_BRIEF_
Pick every line from the data that holds the word "mpoly".

Segment Start: THE RECORDS

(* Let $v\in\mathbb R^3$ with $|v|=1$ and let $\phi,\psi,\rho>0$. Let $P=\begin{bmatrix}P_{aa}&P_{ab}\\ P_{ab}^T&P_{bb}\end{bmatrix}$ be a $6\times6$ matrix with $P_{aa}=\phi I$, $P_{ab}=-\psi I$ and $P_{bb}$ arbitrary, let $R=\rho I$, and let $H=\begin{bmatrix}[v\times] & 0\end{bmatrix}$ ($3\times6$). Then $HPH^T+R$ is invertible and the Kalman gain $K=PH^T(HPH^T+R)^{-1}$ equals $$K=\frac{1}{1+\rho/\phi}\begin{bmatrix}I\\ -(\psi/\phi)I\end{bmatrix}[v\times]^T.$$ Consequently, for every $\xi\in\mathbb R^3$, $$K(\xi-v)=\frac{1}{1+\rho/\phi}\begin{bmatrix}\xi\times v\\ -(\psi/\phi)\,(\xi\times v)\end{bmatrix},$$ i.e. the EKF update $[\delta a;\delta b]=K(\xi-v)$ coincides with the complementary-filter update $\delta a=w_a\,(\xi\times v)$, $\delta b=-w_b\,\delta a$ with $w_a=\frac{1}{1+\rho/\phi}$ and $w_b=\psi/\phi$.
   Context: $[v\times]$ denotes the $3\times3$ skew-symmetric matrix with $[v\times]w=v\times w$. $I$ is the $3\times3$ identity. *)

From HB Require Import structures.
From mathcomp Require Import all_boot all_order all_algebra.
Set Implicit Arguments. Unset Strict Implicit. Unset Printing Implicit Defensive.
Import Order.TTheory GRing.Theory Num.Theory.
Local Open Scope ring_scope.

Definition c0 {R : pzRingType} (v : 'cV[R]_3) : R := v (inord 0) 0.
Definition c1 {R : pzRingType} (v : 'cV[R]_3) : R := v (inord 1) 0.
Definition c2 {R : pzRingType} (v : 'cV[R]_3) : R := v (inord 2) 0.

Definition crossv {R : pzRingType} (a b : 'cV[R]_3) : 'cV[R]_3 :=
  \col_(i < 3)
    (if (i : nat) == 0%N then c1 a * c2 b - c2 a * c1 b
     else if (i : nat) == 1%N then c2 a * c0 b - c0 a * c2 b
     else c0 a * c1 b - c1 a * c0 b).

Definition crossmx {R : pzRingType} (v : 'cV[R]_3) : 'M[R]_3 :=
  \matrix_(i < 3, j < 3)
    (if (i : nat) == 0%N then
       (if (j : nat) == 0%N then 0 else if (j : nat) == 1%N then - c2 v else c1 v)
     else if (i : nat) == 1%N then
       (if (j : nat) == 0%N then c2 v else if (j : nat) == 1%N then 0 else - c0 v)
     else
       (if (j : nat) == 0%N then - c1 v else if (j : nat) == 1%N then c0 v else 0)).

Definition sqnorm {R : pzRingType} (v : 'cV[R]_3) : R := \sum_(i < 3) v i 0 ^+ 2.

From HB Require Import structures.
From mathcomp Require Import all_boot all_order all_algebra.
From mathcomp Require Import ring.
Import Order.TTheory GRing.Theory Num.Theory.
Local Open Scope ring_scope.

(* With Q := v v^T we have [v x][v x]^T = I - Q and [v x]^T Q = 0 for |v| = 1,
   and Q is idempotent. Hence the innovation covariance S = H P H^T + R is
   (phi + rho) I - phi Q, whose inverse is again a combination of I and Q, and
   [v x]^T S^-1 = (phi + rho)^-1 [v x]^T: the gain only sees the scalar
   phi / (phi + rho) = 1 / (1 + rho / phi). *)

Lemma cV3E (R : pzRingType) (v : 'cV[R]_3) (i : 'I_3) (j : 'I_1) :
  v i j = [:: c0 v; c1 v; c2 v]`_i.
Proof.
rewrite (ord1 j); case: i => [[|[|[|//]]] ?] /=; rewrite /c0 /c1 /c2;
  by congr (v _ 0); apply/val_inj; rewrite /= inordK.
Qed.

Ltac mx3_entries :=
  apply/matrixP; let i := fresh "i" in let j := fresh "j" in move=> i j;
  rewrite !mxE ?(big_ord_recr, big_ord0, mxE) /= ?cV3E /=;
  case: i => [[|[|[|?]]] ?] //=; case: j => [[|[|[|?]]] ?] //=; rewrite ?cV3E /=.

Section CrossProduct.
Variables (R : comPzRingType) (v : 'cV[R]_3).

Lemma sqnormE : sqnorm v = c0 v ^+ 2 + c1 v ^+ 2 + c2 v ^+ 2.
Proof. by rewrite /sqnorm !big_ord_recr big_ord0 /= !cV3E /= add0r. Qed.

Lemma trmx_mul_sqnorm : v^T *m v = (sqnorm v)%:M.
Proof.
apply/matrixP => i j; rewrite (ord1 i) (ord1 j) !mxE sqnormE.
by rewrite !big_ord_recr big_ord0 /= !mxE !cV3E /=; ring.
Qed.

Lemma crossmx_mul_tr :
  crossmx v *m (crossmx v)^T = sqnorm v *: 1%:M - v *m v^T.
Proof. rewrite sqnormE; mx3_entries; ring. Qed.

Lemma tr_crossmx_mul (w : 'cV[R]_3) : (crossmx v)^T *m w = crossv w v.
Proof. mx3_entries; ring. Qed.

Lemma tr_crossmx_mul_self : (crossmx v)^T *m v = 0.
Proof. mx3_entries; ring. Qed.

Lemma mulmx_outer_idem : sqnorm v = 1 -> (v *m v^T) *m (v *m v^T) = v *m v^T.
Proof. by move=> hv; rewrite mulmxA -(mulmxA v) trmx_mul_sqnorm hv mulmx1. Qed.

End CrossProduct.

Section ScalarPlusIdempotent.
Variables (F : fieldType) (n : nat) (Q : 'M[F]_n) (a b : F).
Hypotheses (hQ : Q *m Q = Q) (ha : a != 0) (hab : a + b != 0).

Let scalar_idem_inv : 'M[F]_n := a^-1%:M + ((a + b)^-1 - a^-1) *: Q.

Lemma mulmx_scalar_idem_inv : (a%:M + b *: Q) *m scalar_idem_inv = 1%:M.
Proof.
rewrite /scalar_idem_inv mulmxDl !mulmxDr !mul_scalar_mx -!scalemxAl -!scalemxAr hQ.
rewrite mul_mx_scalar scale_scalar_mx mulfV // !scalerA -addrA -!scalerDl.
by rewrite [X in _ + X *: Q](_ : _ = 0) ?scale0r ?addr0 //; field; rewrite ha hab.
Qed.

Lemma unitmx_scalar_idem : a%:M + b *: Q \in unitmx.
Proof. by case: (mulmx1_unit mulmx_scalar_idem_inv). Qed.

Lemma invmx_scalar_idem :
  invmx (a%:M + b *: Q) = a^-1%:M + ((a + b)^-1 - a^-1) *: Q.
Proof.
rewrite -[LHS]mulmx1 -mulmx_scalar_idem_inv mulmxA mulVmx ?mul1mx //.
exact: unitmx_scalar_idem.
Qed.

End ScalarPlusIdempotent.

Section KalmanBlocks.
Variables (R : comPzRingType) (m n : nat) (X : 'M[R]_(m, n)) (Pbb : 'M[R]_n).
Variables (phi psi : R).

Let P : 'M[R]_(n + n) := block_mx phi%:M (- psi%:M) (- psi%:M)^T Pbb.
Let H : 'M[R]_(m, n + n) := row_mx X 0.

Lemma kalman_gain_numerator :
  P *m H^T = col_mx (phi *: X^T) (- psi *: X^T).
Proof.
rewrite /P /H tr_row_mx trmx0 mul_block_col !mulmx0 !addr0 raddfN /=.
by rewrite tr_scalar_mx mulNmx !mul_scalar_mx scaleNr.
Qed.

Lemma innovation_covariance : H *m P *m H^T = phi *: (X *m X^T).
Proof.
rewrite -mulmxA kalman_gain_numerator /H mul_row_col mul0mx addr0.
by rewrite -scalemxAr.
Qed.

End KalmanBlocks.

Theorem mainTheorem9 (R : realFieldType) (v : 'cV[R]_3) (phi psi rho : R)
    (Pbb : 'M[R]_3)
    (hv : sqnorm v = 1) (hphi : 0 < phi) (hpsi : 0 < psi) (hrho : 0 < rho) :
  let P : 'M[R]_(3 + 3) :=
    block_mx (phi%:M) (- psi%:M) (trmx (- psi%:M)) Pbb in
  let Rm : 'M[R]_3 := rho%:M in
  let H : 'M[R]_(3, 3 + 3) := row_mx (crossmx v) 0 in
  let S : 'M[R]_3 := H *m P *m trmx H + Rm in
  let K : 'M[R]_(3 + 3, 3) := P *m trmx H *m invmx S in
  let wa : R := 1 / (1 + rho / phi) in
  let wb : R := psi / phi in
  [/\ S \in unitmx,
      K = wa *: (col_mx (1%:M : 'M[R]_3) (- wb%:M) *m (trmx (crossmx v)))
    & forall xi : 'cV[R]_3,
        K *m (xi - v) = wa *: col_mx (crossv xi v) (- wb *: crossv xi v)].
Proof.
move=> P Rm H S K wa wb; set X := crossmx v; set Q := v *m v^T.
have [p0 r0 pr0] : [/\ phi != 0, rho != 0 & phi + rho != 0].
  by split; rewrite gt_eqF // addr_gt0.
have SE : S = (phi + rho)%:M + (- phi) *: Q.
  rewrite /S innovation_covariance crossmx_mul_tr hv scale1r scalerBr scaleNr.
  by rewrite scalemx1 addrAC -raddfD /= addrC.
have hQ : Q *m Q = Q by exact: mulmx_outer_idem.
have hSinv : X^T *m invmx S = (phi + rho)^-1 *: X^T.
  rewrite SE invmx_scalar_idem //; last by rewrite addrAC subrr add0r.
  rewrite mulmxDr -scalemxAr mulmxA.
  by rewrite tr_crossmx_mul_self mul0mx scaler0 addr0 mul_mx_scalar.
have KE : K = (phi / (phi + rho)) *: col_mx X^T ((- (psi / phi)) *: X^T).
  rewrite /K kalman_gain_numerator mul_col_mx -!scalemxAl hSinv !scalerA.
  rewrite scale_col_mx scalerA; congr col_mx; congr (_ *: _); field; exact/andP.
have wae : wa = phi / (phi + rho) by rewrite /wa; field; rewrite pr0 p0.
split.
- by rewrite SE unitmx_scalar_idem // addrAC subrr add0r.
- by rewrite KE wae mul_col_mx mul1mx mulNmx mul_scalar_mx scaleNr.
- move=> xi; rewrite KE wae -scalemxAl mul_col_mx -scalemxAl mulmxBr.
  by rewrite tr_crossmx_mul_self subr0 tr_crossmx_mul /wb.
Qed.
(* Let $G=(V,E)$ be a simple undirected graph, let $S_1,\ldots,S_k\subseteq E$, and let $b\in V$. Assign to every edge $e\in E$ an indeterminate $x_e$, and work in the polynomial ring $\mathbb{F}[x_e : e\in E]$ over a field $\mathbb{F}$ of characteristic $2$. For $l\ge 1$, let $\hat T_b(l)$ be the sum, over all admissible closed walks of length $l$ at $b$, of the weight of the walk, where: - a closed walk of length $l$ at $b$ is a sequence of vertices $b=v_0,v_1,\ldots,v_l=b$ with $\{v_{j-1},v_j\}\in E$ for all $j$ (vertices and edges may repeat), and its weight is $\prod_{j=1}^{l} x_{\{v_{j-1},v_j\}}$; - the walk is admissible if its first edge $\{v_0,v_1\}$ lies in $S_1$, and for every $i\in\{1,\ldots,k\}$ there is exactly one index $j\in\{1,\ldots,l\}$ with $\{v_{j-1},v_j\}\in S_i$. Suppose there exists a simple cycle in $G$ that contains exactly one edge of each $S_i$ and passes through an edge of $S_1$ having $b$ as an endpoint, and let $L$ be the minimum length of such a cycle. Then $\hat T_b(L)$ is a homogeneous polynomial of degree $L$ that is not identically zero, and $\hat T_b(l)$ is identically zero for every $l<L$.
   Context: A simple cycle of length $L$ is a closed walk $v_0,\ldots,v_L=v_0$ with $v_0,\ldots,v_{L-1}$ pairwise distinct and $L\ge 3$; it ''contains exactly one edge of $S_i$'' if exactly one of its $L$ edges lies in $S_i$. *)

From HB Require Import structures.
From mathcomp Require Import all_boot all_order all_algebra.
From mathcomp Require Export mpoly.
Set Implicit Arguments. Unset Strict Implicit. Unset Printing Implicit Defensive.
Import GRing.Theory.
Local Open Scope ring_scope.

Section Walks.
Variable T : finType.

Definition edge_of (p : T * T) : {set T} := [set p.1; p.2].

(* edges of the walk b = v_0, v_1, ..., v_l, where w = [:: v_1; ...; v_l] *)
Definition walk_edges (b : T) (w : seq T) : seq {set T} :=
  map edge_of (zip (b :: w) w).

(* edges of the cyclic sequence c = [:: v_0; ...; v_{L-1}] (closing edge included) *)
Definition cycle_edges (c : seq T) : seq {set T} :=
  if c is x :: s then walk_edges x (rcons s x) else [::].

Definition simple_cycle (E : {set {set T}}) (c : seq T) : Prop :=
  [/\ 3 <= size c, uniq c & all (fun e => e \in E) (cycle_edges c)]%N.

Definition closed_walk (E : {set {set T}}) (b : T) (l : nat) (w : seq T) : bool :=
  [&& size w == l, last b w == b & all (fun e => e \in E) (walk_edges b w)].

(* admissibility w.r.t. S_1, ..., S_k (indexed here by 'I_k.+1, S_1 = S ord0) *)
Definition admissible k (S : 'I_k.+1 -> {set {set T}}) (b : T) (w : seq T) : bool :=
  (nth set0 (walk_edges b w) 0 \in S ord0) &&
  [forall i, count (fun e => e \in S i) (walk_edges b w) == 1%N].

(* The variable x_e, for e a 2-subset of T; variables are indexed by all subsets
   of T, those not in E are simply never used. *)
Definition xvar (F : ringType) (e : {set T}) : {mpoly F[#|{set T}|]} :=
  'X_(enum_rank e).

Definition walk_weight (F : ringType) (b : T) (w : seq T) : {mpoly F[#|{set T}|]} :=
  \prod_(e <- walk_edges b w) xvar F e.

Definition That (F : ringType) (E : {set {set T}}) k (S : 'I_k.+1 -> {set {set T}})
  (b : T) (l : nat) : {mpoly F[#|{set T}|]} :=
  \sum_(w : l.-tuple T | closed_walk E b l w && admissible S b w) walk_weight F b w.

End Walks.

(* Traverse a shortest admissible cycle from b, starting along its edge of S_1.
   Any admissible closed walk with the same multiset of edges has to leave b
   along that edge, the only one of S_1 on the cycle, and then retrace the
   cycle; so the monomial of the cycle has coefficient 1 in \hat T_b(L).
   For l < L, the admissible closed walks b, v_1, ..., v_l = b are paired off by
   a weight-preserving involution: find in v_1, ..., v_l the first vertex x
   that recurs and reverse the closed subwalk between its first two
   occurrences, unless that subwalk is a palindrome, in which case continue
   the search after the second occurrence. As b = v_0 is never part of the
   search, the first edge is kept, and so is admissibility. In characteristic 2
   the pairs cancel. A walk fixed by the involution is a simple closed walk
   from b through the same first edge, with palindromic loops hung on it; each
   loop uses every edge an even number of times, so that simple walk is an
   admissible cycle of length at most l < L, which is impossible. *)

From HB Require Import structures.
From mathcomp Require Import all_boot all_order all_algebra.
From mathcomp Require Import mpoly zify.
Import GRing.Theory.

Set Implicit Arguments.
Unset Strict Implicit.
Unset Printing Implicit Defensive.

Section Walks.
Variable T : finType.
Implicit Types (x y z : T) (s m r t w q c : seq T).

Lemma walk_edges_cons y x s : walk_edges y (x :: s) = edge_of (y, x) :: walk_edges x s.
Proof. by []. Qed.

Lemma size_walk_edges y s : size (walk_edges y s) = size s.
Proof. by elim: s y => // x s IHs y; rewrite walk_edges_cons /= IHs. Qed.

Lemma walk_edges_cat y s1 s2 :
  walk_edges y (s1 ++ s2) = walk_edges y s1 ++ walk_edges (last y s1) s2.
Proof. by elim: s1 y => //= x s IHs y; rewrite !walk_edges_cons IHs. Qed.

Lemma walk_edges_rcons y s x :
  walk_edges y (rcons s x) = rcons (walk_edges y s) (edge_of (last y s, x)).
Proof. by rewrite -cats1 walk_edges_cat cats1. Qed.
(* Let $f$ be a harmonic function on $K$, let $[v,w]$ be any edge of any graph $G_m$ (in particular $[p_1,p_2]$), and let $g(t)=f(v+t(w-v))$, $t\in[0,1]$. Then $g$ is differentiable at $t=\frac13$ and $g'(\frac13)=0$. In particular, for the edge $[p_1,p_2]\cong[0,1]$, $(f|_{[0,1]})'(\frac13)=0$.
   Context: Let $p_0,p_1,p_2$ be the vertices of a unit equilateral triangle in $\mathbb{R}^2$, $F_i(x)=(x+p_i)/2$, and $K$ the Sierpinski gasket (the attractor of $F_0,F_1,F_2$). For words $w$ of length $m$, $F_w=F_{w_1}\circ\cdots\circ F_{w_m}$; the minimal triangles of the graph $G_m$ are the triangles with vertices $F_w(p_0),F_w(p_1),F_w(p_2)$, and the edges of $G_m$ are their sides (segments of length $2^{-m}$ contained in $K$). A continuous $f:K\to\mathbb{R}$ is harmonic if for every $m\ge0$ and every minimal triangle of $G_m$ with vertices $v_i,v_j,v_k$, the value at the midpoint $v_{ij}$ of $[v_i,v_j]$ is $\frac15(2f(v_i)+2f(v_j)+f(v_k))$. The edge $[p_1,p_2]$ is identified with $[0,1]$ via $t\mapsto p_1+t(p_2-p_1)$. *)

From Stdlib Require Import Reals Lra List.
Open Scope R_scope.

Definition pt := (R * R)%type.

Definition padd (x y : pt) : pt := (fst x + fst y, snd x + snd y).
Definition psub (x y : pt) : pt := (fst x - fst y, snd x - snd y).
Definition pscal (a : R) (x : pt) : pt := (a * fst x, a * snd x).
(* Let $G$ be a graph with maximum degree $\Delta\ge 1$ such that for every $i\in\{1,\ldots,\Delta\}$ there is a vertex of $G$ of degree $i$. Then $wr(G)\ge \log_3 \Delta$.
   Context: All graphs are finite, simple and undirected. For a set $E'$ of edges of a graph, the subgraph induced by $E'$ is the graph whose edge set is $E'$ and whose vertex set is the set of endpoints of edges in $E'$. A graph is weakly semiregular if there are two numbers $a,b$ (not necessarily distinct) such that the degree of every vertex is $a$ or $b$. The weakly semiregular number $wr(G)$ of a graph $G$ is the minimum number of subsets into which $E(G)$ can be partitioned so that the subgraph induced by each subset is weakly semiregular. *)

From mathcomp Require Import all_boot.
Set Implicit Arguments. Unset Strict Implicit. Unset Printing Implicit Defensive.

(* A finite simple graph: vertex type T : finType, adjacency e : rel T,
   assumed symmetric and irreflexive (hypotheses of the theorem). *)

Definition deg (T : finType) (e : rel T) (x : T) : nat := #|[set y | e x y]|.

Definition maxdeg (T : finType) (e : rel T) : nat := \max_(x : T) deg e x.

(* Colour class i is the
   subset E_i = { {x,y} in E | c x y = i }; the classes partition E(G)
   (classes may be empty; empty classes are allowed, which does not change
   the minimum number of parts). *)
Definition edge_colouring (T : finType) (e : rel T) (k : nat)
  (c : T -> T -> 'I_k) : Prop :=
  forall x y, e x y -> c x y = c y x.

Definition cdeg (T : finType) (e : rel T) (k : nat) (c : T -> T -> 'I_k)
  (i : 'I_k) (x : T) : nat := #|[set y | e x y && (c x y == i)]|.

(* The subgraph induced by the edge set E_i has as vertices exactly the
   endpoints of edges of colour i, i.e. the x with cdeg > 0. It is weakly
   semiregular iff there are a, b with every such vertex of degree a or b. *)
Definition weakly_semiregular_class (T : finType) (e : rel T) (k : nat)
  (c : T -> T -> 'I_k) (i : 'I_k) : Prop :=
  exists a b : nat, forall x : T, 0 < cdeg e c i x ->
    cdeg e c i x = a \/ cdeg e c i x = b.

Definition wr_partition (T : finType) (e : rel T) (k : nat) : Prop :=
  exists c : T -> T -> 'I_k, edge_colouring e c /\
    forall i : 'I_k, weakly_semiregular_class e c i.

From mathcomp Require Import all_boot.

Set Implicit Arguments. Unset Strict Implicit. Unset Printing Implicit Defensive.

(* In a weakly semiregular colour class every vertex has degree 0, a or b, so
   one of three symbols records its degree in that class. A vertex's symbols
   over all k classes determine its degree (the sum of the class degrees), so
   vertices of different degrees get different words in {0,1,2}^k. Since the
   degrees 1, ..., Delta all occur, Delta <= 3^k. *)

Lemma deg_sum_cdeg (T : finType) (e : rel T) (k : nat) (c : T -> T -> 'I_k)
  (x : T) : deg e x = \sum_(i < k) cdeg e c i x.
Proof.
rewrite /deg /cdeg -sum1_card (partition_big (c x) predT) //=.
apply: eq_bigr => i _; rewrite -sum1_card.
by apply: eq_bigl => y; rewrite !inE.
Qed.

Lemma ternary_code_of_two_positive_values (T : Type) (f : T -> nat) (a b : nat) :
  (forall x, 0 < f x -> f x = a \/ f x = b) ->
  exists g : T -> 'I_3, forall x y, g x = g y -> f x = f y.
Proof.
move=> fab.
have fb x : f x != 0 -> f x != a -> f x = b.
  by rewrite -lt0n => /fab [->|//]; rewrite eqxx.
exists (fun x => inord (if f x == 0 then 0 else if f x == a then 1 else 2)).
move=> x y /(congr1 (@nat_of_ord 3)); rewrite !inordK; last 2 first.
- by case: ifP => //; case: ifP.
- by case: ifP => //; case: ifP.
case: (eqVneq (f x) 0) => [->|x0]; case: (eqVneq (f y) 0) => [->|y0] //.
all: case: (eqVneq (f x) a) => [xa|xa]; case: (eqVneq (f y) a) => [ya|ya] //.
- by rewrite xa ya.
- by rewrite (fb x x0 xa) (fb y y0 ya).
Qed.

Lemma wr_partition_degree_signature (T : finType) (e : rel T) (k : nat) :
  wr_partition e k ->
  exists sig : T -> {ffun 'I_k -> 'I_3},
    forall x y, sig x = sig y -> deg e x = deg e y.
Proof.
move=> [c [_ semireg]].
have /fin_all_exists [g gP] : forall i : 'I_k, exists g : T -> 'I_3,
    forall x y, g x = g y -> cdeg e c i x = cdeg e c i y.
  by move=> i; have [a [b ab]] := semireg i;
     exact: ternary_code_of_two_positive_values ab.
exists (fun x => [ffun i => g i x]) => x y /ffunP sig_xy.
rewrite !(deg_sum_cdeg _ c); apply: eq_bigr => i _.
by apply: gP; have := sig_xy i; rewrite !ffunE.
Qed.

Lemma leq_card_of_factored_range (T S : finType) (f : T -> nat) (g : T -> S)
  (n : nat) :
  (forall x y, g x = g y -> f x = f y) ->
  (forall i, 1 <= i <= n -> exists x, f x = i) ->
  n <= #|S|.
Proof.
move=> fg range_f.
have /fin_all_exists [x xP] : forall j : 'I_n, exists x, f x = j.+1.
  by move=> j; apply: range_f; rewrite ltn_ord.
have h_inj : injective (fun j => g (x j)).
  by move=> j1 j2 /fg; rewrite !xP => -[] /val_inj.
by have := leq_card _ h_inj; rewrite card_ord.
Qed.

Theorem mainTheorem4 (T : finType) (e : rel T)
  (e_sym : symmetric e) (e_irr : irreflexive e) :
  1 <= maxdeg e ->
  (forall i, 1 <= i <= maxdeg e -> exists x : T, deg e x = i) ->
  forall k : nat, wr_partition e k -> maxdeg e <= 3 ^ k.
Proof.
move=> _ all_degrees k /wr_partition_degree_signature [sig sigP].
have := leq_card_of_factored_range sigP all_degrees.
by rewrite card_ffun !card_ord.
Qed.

Segment End: THE RECORDS

_ANSWER TO THIS PROBLEM_
From mathcomp Require Export mpoly.
Definition xvar (F : ringType) (e : {set T}) : {mpoly F[#|{set T}|]} :=
Definition walk_weight (F : ringType) (b : T) (w : seq T) : {mpoly F[#|{set T}|]} :=
  (b : T) (l : nat) : {mpoly F[#|{set T}|]} :=
From mathcomp Require Import mpoly zify.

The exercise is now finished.